# Fun Show-Gymkhana...on july 27th



## americancowgurl31391 (Jul 9, 2007)

So Ive taken dude to two barrel competitions before but we did horrible because there were over 150 horses and it just turned out to be over stressful. But that was like 3 years ago. Well im ready to try again. Im taking Dude to a gymkhana show on the 27th of this month. Im really nervous!! I dont know what to expect. What do you do when you get there? Any advice? It starts at 9 am. I will post the class list tomorrow when i get a chance but any advice or tips on shows would be greatly appreciated. I still have to practice at our barn. If this all goes well, my moms actually considering letting me start entering more shows which would be awesome.Thanx


----------



## kickshaw (May 7, 2008)

you'll need to be sure to register/ check-in when you get there. Some shows require you to leave an open check, others let you pay ahead of time. you'll also have to show your coggins test at check-in. get a couple of class lists for yourself so you can remember what classes you're in 

Also, arrive early. By an hour or more. That will give you enough time to get there, get settled in, get your horse settled in, check in, ride, etc. etc. 

i hope you have a blast! the local shows are always so much fun (and so much more stress free!)

PS - don't forget things like 2 buckets (one for water and one for sponging off your horse), hay, manure fork, fans and extension cords, etc. etc. 


sorry for the scattered thoughts...really tired, should be sleeping :shock:


----------



## americancowgurl31391 (Jul 9, 2007)

My horse has never had a coggins shot. When we went to the barrel comp., they werent required to have a coggins. Are you sure that this is required everywhere? So do i need to0 get a shot record? Thanks so much


----------



## Small_Town_Girl (Feb 15, 2008)

americancowgurl31391 said:


> My horse has never had a coggins shot. When we went to the barrel comp., they werent required to have a coggins. Are you sure that this is required everywhere? So do i need to0 get a shot record? Thanks so much


Some places check for coggins and you can get into a heap
of trouble sometimes when you don't have the papers on you...


----------



## americancowgurl31391 (Jul 9, 2007)

I dont think anyone at our barn has it and i dont even know if its required down here. How do i find out if its required? So you just register when you get to the show?


----------



## Small_Town_Girl (Feb 15, 2008)

I honestly don't know about them where you are located,
though I would do a online search or ask around about them
where you live.


----------



## americancowgurl31391 (Jul 9, 2007)

awesome...thanx!!! Im really excited. This could be a good oppurtunity for us.


----------



## Small_Town_Girl (Feb 15, 2008)

americancowgurl31391 said:


> awesome...thanx!!! Im really excited. This could be a good oppurtunity for us.
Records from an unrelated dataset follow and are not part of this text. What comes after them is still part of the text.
(* Contextuality of e: no single input s produces, on every triangle context,
   an output in the support of e (it would give a <> b, b = c and a = c). *)
Lemma e_poss_no_global_output (XS : finType) (f : detproc XS 'I_3)
    (s : section XS) :
  ~ (forall sg, tri_ctx sg -> dp_out f sg s \in e_poss sg).
Proof.
move=> out_in_e.
have := out_in_e _ (tri_ctx_pair ta tb); have := out_in_e _ (tri_ctx_pair tb tc).
have := out_in_e _ (tri_ctx_pair ta tc).
rewrite /e_poss !inE !ffunE !inE /= => /andP[_ /eqP ac] /and3P[_ /eqP bc _] /and3P[_ ab _].
by move: ab; rewrite ac bc eqxx.
Qed.

Lemma e_prob_pos_supp (R : realType) (sg : {set 'I_3}) (t : section 'I_3) :
  0 < e_prob R sg t -> t \in e_poss sg.
Proof. by rewrite /e_prob; case: ifP => //; rewrite ltxx. Qed.

(* Possibilistic half: a possible section over pi_f(all of the triangle)
   would be mapped into the support of e on every triangle context. *)
Lemma no_possibilistic_simulation :
  ~ exists (d : {set 'I_4} -> {set section 'I_4}) (F : seq (detproc 'I_4 'I_3)),
      [/\ poss_model sq_ctx d, poss_proc sq_ctx tri_ctx F
        & forall sg, tri_ctx sg -> EmpB F d sg \subset e_poss sg].
Proof.
move=> [d [[|f F] [d_model [//= _ F_valid] F_sub]]].
have f_valid : valid_dp sq_ctx tri_ctx f by apply: F_valid; left.
have U_ctx := valid_dp_total_ctx f_valid.
have /set0Pn[s sU] := (d_model.1 _ U_ctx).1.
apply: (@e_poss_no_global_output _ f s) => sg sg_ctx.
have sV := poss_model_restr d_model U_ctx (f_valid sg sg_ctx)
             (pi_imgS f (subsetT sg)) sU.
rewrite -dp_out_restr; apply: (subsetP (F_sub sg sg_ctx)).
by rewrite /EmpB big_cons inE imset_f.
Qed.

(* Probabilistic half: a section of positive mass, pushed through a procedure
   of positive weight, gets positive probability on every triangle context. *)
Lemma no_probabilistic_simulation (R : realType) :
  ~ exists (d : {set 'I_4} -> section 'I_4 -> R) (P : seq (R * detproc 'I_4 'I_3)),
      [/\ prob_model sq_ctx d, prob_proc sq_ctx tri_ctx P
        & forall sg, tri_ctx sg -> forall t, Emp P d sg t = e_prob R sg t].
Proof.
move=> [d [P [d_model [w_ge0 w_sum1 P_valid] Emp_e]]].
have [[w f] /= pf w_pos] : exists2 p, List.In p P & 0 < p.1.
  by apply: sum_list_pos_term => //; rewrite w_sum1 oner_eq0.
have f_valid : valid_dp sq_ctx tri_ctx f := P_valid _ pf.
have U_ctx := valid_dp_total_ctx f_valid.
have [s s_pos] := prob_model_pos d_model U_ctx.
apply: (@e_poss_no_global_output _ f s) => sg sg_ctx.
set V := pi_img f sg; set t := dp_out f sg s.
have V_ctx : sq_ctx V := f_valid sg sg_ctx.
have Emp_det_ge0 (g : detproc 'I_4 'I_3) u : valid_dp sq_ctx tri_ctx g ->
    0 <= Emp_det g d sg u.
  move=> g_valid; apply: sumr_ge0 => v _.
  exact (prob_model_ge0 d_model (g_valid sg sg_ctx) v).
have mass_restr : d (pi_img f [set: 'I_3]) s <= d V (restr V s) :=
  prob_model_restr_ge d_model U_ctx V_ctx (pi_imgS f (subsetT sg)) s.
have mass_out : d V (restr V s) <= Emp_det f d sg t.
  rewrite /t -dp_out_restr; apply: Emp_det_ge => u.
  exact (prob_model_ge0 d_model V_ctx u).
have mass_mix : w * Emp_det f d sg t <= Emp P d sg t.
  apply: (Emp_ge _ pf) => q Pq.
  by apply: mulr_ge0; [exact: w_ge0 | exact/Emp_det_ge0/P_valid].
apply: (@e_prob_pos_supp R); rewrite -Emp_e //; apply: lt_le_trans mass_mix.
by rewrite mulr_gt0 // (lt_le_trans s_pos) // (le_trans mass_restr).
Qed.

Theorem mainTheorem14 (R : realType) :
  (~ exists (d : {set 'I_4} -> {set section 'I_4}) (F : seq (detproc 'I_4 'I_3)),
       [/\ poss_model sq_ctx d, poss_proc sq_ctx tri_ctx F
         & forall sg, tri_ctx sg -> EmpB F d sg \subset e_poss sg]) /\
  (~ exists (d : {set 'I_4} -> section 'I_4 -> R) (P : seq (R * detproc 'I_4 'I_3)),
       [/\ prob_model sq_ctx d, prob_proc sq_ctx tri_ctx P
         & forall sg, tri_ctx sg -> forall t, Emp P d sg t = e_prob R sg t]).
Proof. by split; [exact: no_possibilistic_simulation | exact: no_probabilistic_simulation]. Qed.
Lemma prodT_scaleA a b v : prodT_scale a (prodT_scale b v) = prodT_scale (a * b) v.
Proof. by apply: functional_extensionality_dep => y; rewrite /prodT_scale scalerA. Qed.
Lemma prodT_scale1 : left_id 1 prodT_scale.
Proof.
by move=> v; apply: functional_extensionality_dep => y; rewrite /prodT_scale scale1r.
Qed.
Lemma prodT_scaleDr : right_distributive prodT_scale +%R.
Proof.
by move=> a u v; apply: functional_extensionality_dep => y; rewrite /prodT_scale scalerDr.
Qed.
Lemma prodT_scaleDl v : {morph prodT_scale^~ v : a b / a + b}.
Proof.
by move=> a b; apply: functional_extensionality_dep => y; rewrite /prodT_scale scalerDl.
Qed.

HB.instance Definition _ := GRing.Zmodule_isLmodule.Build k prodT
  prodT_scaleA prodT_scale1 prodT_scaleDr prodT_scaleDl.

Lemma prodT_addE (a b : prodT) y : (a + b) y = a y + b y. Proof. by []. Qed.
Lemma prodT_scaleE c (a : prodT) y : (c *: a) y = c *: a y. Proof. by []. Qed.

Lemma prodT_sumE I (s : seq I) (F : I -> prodT) y :
  (\sum_(i <- s) F i) y = \sum_(i <- s) F i y.
Proof. by elim: s => [|i s IH]; rewrite ?big_nil // !big_cons prodT_addE IH. Qed.

Definition prod_single (x : Ob E) (m : Mv T x) : prodT := fun w =>
  match excluded_middle_informative (x = w) with
  | left H => eq_rect x (fun z => Mv T z) m w H
  | right _ => 0
  end.

Lemma prod_single_at (x : Ob E) (m : Mv T x) : prod_single m x = m.
Proof.
rewrite /prod_single; case: excluded_middle_informative => [H|[]] //.
by rewrite (Prop_irrelevance H erefl).
Qed.

Lemma prod_single_off (x w : Ob E) (m : Mv T x) : x <> w -> prod_single m w = 0.
Proof. by rewrite /prod_single; case: excluded_middle_informative. Qed.

Lemma prod_single_lin (x : Ob E) : is_lin (@prod_single x).
Proof.
move=> a m1 m2; apply: functional_extensionality_dep => w.
case: (excluded_middle_informative (x = w)) => [hw|hw].
  by subst w; rewrite prodT_addE prodT_scaleE !prod_single_at.
by rewrite prodT_addE prodT_scaleE !prod_single_off // scaler0 addr0.
Qed.

Lemma prod_single_inj (x : Ob E) : injective (@prod_single x).
Proof. by move=> m1 m2 h; rewrite -(prod_single_at m1) h prod_single_at. Qed.

End ProductModule.

Section ProductContramodule.
Variables (k : fieldType) (E : kcat k) (E_slf : left_strictly_locally_finite E).
Variable T : lmodE E.
Hypothesis T_nil : deep_nilpotent E_slf T.

Definition support (y : Ob E) : seq (Ob E) :=
  undup (y :: shallow E_slf (sval (cid (T_nil y))) y).

Lemma support_uniq y : uniq (support y).
Proof. exact: undup_uniq. Qed.

Lemma mem_support_self y : y \in support y.
Proof. by rewrite mem_undup mem_head. Qed.

Lemma Mact_off_support (x y : Ob E) (f : Hom E x y) (m : Mv T x) :
  x \notin support y -> Mact f m = 0.
Proof.
rewrite mem_undup in_cons negb_or => /andP [_ hx].
by apply: (svalP (cid (T_nil y))); apply: deep_off_shallow.
Qed.

Lemma Mact_dual_expand (x y : Ob E) (f : Hom E x y) (m : Mv T x) :
  \sum_(i < hdim x y) Mact (hbasis i) ((dualb i f : k) *: m) = Mact f m.
Proof.
rewrite [in RHS](hom_expand f) Mact_suml; apply: eq_bigr => i _.
by rewrite MactZr MactZl.
Qed.

(* Objects outside [support y] act by zero on [T y], so no terms are missing here. *)
Definition prod_pi (F : fam E (prodT T)) : prodT T := fun y =>
  \sum_(x <- support y) \sum_(i < hdim x y) Mact (hbasis i) (F x y (dualb i) x).

Lemma prod_pi_lincomb a (F G : fam E (prodT T)) :
  prod_pi (fun x y c => a *: F x y c + G x y c) = a *: prod_pi F + prod_pi G.
Proof.
apply: functional_extensionality_dep => y.
rewrite /prod_pi prodT_addE prodT_scaleE scaler_sumr -big_split; apply: eq_bigr => x _.
rewrite scaler_sumr -big_split; apply: eq_bigr => i _.
by rewrite prodT_addE prodT_scaleE (Mact_linm _ a).
Qed.

Lemma prod_pi_evfam (x y : Ob E) (f : Hom E x y) (q : prodT T) :
  prod_pi (evfam f q) = prod_single (Mact f (q x)).
Proof.
apply: functional_extensionality_dep => w; rewrite /prod_pi.
case: (excluded_middle_informative (y = w)) => [hw|hw]; last first.
  rewrite prod_single_off // big1 // => z _; rewrite big1 // => i _.
  by rewrite evfam_other ?Mact0r // => -[].
subst w; rewrite prod_single_at.
have other z : z != x -> \sum_(i < hdim z y) Mact (hbasis i) (evfam f q (dualb i) z) = 0.
  move=> hzx; rewrite big1 // => i _.
  by rewrite evfam_other ?Mact0r // => -[hxz _]; rewrite hxz eqxx in hzx.
case: (boolP (x \in support y)) => hx; last first.
  rewrite big1_seq ?(Mact_off_support _ _ hx) // => z /andP [_ hz].
  by apply: other; apply: contraNneq hx => <-.
rewrite (bigD1_seq x) ?support_uniq //= [X in _ + X]big1_seq ?addr0; last first.
  by move=> z /andP [hzx _]; apply: other.
by rewrite -Mact_dual_expand; apply: eq_bigr => i _; rewrite evfamE.
Qed.

Lemma prod_pi_counit (p : prodT T) (F : fam E (prodT T)) :
  counit_fam_spec p F -> prod_pi F = p.
Proof.
move=> [Fxx Fxy]; apply: functional_extensionality_dep => y; rewrite /prod_pi.
rewrite (bigD1_seq y) ?mem_support_self ?support_uniq //= [X in _ + X]big1_seq ?addr0.
  rewrite -[RHS](Mact_id (p y)) -Mact_dual_expand; apply: eq_bigr => i _.
  by rewrite Fxx prodT_scaleE.
move=> z /andP [hzy _]; apply: big1 => i _.
by rewrite Fxy ?Mact0r //; apply/eqP.
Qed.

Lemma Mact_precomp_dualb (u x y : Ob E) (g : Hom E u x) (Psi : Cxy x y -> Mv T u) :
  is_lin Psi ->
  \sum_(l < hdim u y) Mact (hbasis l) (Psi (precomp (dualb l) g)) =
  \sum_(i < hdim x y) Mact (comp E (hbasis i) g) (Psi (dualb i)).
Proof.
move=> Psi_lin.
under eq_bigr => l _ do rewrite [precomp _ _]dual_expand (is_lin_sum Psi_lin) Mact_sumr.
rewrite exchange_big /=; apply: eq_bigr => i _.
rewrite [in RHS](hom_expand (comp E (hbasis i) g)) Mact_suml; apply: eq_bigr => l _.
by rewrite (is_linZ Psi_lin) MactZr MactZl precompE.
Qed.

Section Coassociativity.
Variable f : forall z w : Ob E, Cxy z w -> fam E (prodT T).
Arguments f : clear implicits.
Hypothesis f_lin :
  forall (z w : Ob E) (a : k) (c d : Cxy z w) (z' w' : Ob E) (c' : Cxy z' w'),
  f z w (a *: c + d) z' w' c' = a *: f z w c z' w' c' + f z w d z' w' c'.

Definition assoc_term (y x u : Ob E) : Mv T y :=
  \sum_(i < hdim x y) \sum_(j < hdim u x)
    Mact (comp E (hbasis i) (hbasis j)) (f x y (dualb i) u x (dualb j) u).

Lemma prod_pi_iterE y : prod_pi (fun z w c => prod_pi (f z w c)) y =
  \sum_(x <- support y) \sum_(u <- support x) assoc_term y x u.
Proof.
apply: eq_bigr => x _; rewrite exchange_big /=; apply: eq_bigr => i _.
rewrite Mact_sumr; apply: eq_bigr => u _.
by rewrite Mact_sumr; apply: eq_bigr => j _; rewrite Mact_comp.
Qed.

Lemma prod_pi_comulE y : prod_pi (comul_fam f) y =
  \sum_(u <- support y) \sum_(x <- interval_list u y) assoc_term y x u.
Proof.
apply: eq_bigr => u _; rewrite /comul_fam.
under eq_bigr => l _ do rewrite prodT_sumE Mact_sumr.
rewrite exchange_big /=; apply: eq_bigr => x _.
under eq_bigr => l _ do rewrite prodT_sumE Mact_sumr.
rewrite exchange_big /= /assoc_term [RHS]exchange_big /=; apply: eq_bigr => j _.
rewrite (Mact_precomp_dualb (hbasis j) (Psi := fun c => f x y c u x (dualb j) u)) //.
by move=> a c d; rewrite f_lin prodT_addE prodT_scaleE.
Qed.

Lemma assoc_term_off_support_xy y x u : x \notin support y -> assoc_term y x u = 0.
Proof.
move=> hx; apply: big1 => i _; apply: big1 => j _.
by rewrite Mact_comp (Mact_off_support _ _ hx).
Qed.

Lemma assoc_term_off_support_ux y x u : u \notin support x -> assoc_term y x u = 0.
Proof.
move=> hu; apply: big1 => i _; apply: big1 => j _.
by rewrite Mact_comp (Mact_off_support _ _ hu) Mact0r.
Qed.

Lemma assoc_term_off_support_uy y x u : u \notin support y -> assoc_term y x u = 0.
Proof.
by move=> hu; apply: big1 => i _; apply: big1 => j _; rewrite (Mact_off_support _ _ hu).
Qed.

Lemma assoc_term_off_interval y x u : x \notin interval_list u y -> assoc_term y x u = 0.
Proof.
move=> hx; apply: big1 => i _; apply: big1 => j _; apply: contraNeq hx => _.
have [g hg] := hom_nz_of_ord i; have [h hh] := hom_nz_of_ord j.
by rewrite (mem_interval_list (proj1 E_slf) (preceq_hom hh) (preceq_hom hg)).
Qed.
(* For every finite graph $G$, $\mathrm{mcw}(G) \leq \mathrm{tw}(G)+2$.
   Context: The tree-width $\mathrm{tw}(G)$ is the minimum width (largest bag size minus one) of a tree decomposition of $G$ (a tree $T$ with bags $B_i\subseteq V$ covering all vertices and all edges, such that for each vertex the nodes whose bags contain it form a connected subtree). A multi-$k$-expression is built as follows, where each vertex carries a (possibly empty) set of labels from $\{1,\dots,k\}$: atoms $m\langle i_1,\dots,i_\ell\rangle$ (with $m$ a positive integer and $i_1<\dots<i_\ell\le k$, possibly $\ell=0$) create $m$ vertices, each with label set $\{i_1,\dots,i_\ell\}$; $\eta_{i,j}$ creates an edge between every vertex having label $i$ and every vertex having label $j$, allowed only when no vertex has both labels $i$ and $j$; $\rho_{i\to S}$ for $S\subseteq\{1,\dots,k\}$ replaces label $i$ by the set $S$ (a vertex with label set $S'\ni i$ gets $(S'\setminus\{i\})\cup S$); $\varepsilon_i$ deletes label $i$ from all vertices; $\oplus$ is disjoint union. The generated graph is obtained by deleting all labels. The multi-clique-width $\mathrm{mcw}(G)$ is the smallest $k$ such that $G$ is generated by a multi-$k$-expression. *)

From mathcomp Require Import all_boot.
Set Implicit Arguments. Unset Strict Implicit. Unset Printing Implicit Defensive.

Definition simple_graph (V : finType) (e : rel V) : Prop :=
  symmetric e /\ irreflexive e.

Definition is_tree (I : finType) (t : rel I) : Prop :=
  [/\ symmetric t, irreflexive t, 0 < #|I|,
      (forall x y : I, connect t x y) &
      (forall s : seq I, 3 <= size s -> uniq s -> ~~ cycle t s)].

Definition tree_decomposition (V : finType) (e : rel V)
    (I : finType) (t : rel I) (B : I -> {set V}) : Prop :=
  [/\ is_tree t,
      (forall v : V, exists i : I, v \in B i),
      (forall u v : V, e u v -> exists i : I, (u \in B i) && (v \in B i)) &
      (forall (v : V) (i j : I), v \in B i -> v \in B j ->
          connect [rel a b | [&& t a b, v \in B a & v \in B b]] i j)].

Definition td_width (V I : finType) (B : I -> {set V}) : nat :=
  (\max_(i : I) #|B i|).-1.

Definition tw_le (V : finType) (e : rel V) (w : nat) : Prop :=
  exists (I : finType) (t : rel I) (B : I -> {set V}),
    tree_decomposition e t B /\ td_width B <= w.
(* Consider an axially symmetric magnetized star and its surroundings in a steady state, described in an inertial frame with spherical polar coordinates $(r,\theta,\phi)$ (rotation axis $\theta=0$) by ideal magnetohydrodynamics, and consisting of a magnetic rotator flow region and a disk region separated by a shock boundary $\Sigma_{shock}$. Let $Q$ be any point on $\Sigma_{shock}$. Suppose that there is no meridional motion in the disk region, i.e. the disk velocity is $\hat{\mathbf{v}}=\hat v_\phi\,\mathbf e_\phi$, and that the normal component $\hat B_{n,Q}$ of the magnetic field in the disk region at $Q$ is not zero. Let $\hat Q$ be the point of the disk region adjacent to $Q$ on the magnetic field line through $Q$. Then the angular velocity of the disk region at $\hat Q$ (that is, $\hat v_\phi/(r\sin\theta)$ there) is equal to the angular velocity $\omega$ at the point $P_\star$ of the stellar photosphere at which the magnetic field line through $Q$ is anchored. Furthermore, if the system is equatorially symmetric and the magnetic field line through $Q$ is continuous across the disk, then the angular velocity at all points of the disk region along this field line is the same as that at $P_\star$, for time periods over which the disk region remains steady.
   Context: Vectors are decomposed into meridional and azimuthal parts, $\mathbf v=\mathbf v_m+v_\phi\mathbf e_\phi$, $\mathbf B=\mathbf B_m+B_\phi\mathbf e_\phi$, where $\mathbf e_r,\mathbf e_\theta,\mathbf e_\phi$ are the unit coordinate vectors. All quantities are independent of $\phi$ (axial symmetry) and of time (steady state). In each region the material is a perfectly conducting fluid satisfying $\mathrm{div}(\rho\mathbf v)=0$, $\mathrm{div}\,\mathbf B=0$ and the steady induction equation $\mathrm{curl}(\mathbf v\times\mathbf B)=\mathbf 0$. In the flow region these imply $\mathbf v_m=\chi\mathbf B_m$ for a scalar function $\chi$ (meridional streamlines coincide with meridional field lines) and $\mathbf v=\chi\mathbf B+\omega\,r\sin\theta\,\mathbf e_\phi$, where $\omega$ is constant along each meridional field line; $\omega$ is the angular velocity of that field line, equal to the angular velocity of the star at the photospheric point $P_\star$ where the field line is anchored. Across the shock surface $\Sigma_{shock}$, with unit normal $\mathbf n$ pointing from the flow region into the disk and unit meridional tangent $\mathbf t=\mathbf n\times\mathbf e_\phi$, the jump conditions hold: the normal magnetic field is continuous, $\Delta[B_n]=0$, and the tangential electric field is continuous, $\Delta[(\mathbf v\times\mathbf B)\cdot\mathbf t]=0$, where $\Delta[\cdot]$ denotes the change across the shock and hatted quantities refer to the disk side. *)

From Stdlib Require Import Reals.
From Coquelicot Require Import Coquelicot.
Open Scope R_scope.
Your Welcome! Hope You Have Fun!


----------



## americancowgurl31391 (Jul 9, 2007)

ok so heres what im doing...just a fun show.
Classes:
1- single barrel
2- clover barrel
3- bow tie(i have no idea what this is...anyone else know?)
4- Ring toss(im assuming this is putting the hula hoop around the barrel...??)
5- Ball Race(Is this where you put the golf ball in the cone??)
6- Keyhole
7- Fox and Hound(Never heard of it and dont know what it is)

And then my little sis is going to do a couple leadline classes.

Also my horse keeps throwing shoes. His feet crack so easily. I would love to take his shoes off but hes always had them and i dont want him to be sore all the time. And shoes are so expensive. Any advice?


----------



## upnover (Jan 17, 2008)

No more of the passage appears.